Researchers at the Murdoch Children's Research Institute (MCRI) carried out a study on the relationship between expectant mothers and prenatal screening tests. Specifically, they examined how much information they would like to receive these women and what kind. An option that is not available to date.
The most used method for non-invasive prenatal screening is fetal DNA analysis. Doctors use a sample of maternal blood to isolate shreds of DNA from the fetus. In this way they can detect any variations inside it related to a disease. The method is especially useful for conditions linked to a certain genetic cause, such as trisomies. For other conditions, however, the genetic causes and therefore the diagnosis are still uncertain.
The study in question asked 111 pregnant women if they could have wanted to know all the details of a prenatal screening. These would include both the 99.9% secure outcomes available today and all genetic abnormalities whose meaning is not yet known.
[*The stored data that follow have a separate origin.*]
Definition divM (R : realType) (g : 'rV[R]_4 -> 'M[R]_4)
  (X : 'I_4 -> 'rV[R]_4 -> 'M[R[i]]_2) (x : 'rV[R]_4) : 'M[R[i]]_2 :=
  \sum_(m < 4) pdM m (X m) x
  + \sum_(m < 4) \sum_(l < 4) ((christoffel g m m l x)%:C *: X l x).

(* the equation  i K^mu (nabla_mu Psi - C_mu Psi + Psi A_mu) = 0  on U
   (Psi is a Mat(2,C)-valued function, so nabla_mu Psi = d_mu Psi) *)
Definition eqn_star (R : realType) (U : set 'rV[R]_4)
  (Psi : 'rV[R]_4 -> 'M[R[i]]_2) (K C A : 'I_4 -> 'rV[R]_4 -> 'M[R[i]]_2) : Prop :=
  forall x, U x ->
    \sum_(m < 4) ('i *: (K m x *m (pdM m Psi x - C m x *m Psi x + Psi x *m A m x))) = 0.

(* Write D_m Psi = d_m Psi - C_m Psi + Psi A_m.  For U(2)-valued gauge fields G and H,
   the transformation Psi -> G^-1 Psi H, K -> G^-1 K G, C -> G^-1 C G - G^-1 dG,
   A -> H^-1 A H - H^-1 dH makes D covariant, D' Psi' = G^-1 (D Psi) H, because
   d(G^-1) = - G^-1 (dG) G^-1; hence K'^m D'_m Psi' = G^-1 (K^m D_m Psi) H.
   The three transformations are the cases G = 1, G = H = S and H = 1. *)

From mathcomp Require Import all_boot all_algebra.
From mathcomp Require Import all_classical all_reals all_analysis.
From mathcomp Require Import complex ring.
Import GRing.Theory numFieldNormedType.Exports.
Set Implicit Arguments. Unset Strict Implicit.
Local Open Scope ring_scope.
Local Open Scope complex_scope.

Section ComplexPartialDerivative.
Variables (R : realType) (x : 'rV[R]_4) (m : 'I_4).

Definition is_pdC (f : 'rV[R]_4 -> R[i]) (df : R[i]) :=
  is_derive x (dir R m) (fun y => complex.Re (f y)) (complex.Re df) /\
  is_derive x (dir R m) (fun y => complex.Im (f y)) (complex.Im df).

Lemma is_pdC_cst (c : R[i]) : is_pdC (fun _ => c) 0.
Proof. by split; exact: is_derive_cst. Qed.

Lemma is_pdCD f g df dg : is_pdC f df -> is_pdC g dg ->
  is_pdC (fun y => f y + g y) (df + dg).
Proof.
move=> [fRe fIm] [gRe gIm]; split.
- have -> : (fun y => complex.Re (f y + g y))
            = (fun y => complex.Re (f y)) + (fun y => complex.Re (g y)).
    by apply/funext => y; rewrite fctE; case: (f y) (g y) => ? ? [? ?].
  by apply: is_derive_eq; clear fRe fIm gRe gIm; case: df dg => ? ? [? ?].
- have -> : (fun y => complex.Im (f y + g y))
            = (fun y => complex.Im (f y)) + (fun y => complex.Im (g y)).
    by apply/funext => y; rewrite fctE; case: (f y) (g y) => ? ? [? ?].
  by apply: is_derive_eq; clear fRe fIm gRe gIm; case: df dg => ? ? [? ?].
Qed.

Lemma is_pdC_sum n (f : 'I_n -> 'rV[R]_4 -> R[i]) (df : 'I_n -> R[i]) :
  (forall k, is_pdC (f k) (df k)) ->
  is_pdC (fun y => \sum_(k < n) f k y) (\sum_(k < n) df k).
Proof.
elim: n f df => [|n IHn] f df fdf.
  under eq_fun do rewrite big_ord0.
  by rewrite big_ord0; exact: is_pdC_cst.
under eq_fun do rewrite big_ord_recr.
by rewrite big_ord_recr; apply: is_pdCD => //; exact: IHn.
Qed.

Lemma is_pdCM f g df dg : is_pdC f df -> is_pdC g dg ->
  is_pdC (fun y => f y * g y) (df * g x + f x * dg).
Proof.
move=> [fRe fIm] [gRe gIm]; split.
- have -> : (fun y => complex.Re (f y * g y))
            = (fun y => complex.Re (f y)) * (fun y => complex.Re (g y))
              - (fun y => complex.Im (f y)) * (fun y => complex.Im (g y)).
    by apply/funext => y; rewrite !fctE; case: (f y) (g y) => ? ? [? ?].
  apply: is_derive_eq; clear fRe fIm gRe gIm.
  by case: df dg (f x) (g x) => ? ? [? ?] [? ?] [? ?]; rewrite /GRing.scale /=; ring.
- have -> : (fun y => complex.Im (f y * g y))
            = (fun y => complex.Re (f y)) * (fun y => complex.Im (g y))
              + (fun y => complex.Im (f y)) * (fun y => complex.Re (g y)).
    by apply/funext => y; rewrite !fctE; case: (f y) (g y) => ? ? [? ?].
  apply: is_derive_eq; clear fRe fIm gRe gIm.
  by case: df dg (f x) (g x) => ? ? [? ?] [? ?] [? ?]; rewrite /GRing.scale /=; ring.
Qed.

Lemma is_pdC_conj f df : is_pdC f df -> is_pdC (fun y => (f y)^*) df^*.
Proof.
case: df => a b [fRe fIm]; split.
- have -> : (fun y => complex.Re (f y)^*) = (fun y => complex.Re (f y)).
    by apply/funext => y; case: (f y).
  exact: fRe.
- have -> : (fun y => complex.Im (f y)^*) = - (fun y => complex.Im (f y)).
    by apply/funext => y; rewrite fctE; case: (f y).
  exact: is_deriveN.
Qed.

End ComplexPartialDerivative.

Section MatrixPartialDerivative.
Variables (R : realType) (x : 'rV[R]_4) (m : 'I_4).

Definition is_pdM k l (F : 'rV[R]_4 -> 'M[R[i]]_(k, l)) (D : 'M[R[i]]_(k, l)) :=
  forall i j, is_pdC x m (fun y => F y i j) (D i j).

Lemma pdM_val (F : 'rV[R]_4 -> 'M[R[i]]_2) D : is_pdM F D -> pdM m F x = D.
Proof.
move=> FD; apply/matrixP => i j; have [FRe FIm] := FD i j.
by rewrite mxE /pd !derive_val; case: (D i j).
Qed.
The participants talked to a consultant, who gave them all the information about the genetic tests. The consultant then proposed two options: to receive only reliable and relevant information for the child's health; receive all the information. None of the children showed visible abnormalities with ultrasound.
About 60% of women decided to receive all the genetic test information. The decision does not seem to have caused any adverse effects from the psychological point of view. However, he highlighted the importance of turning to a geneticist, who explains the outcome of all the results.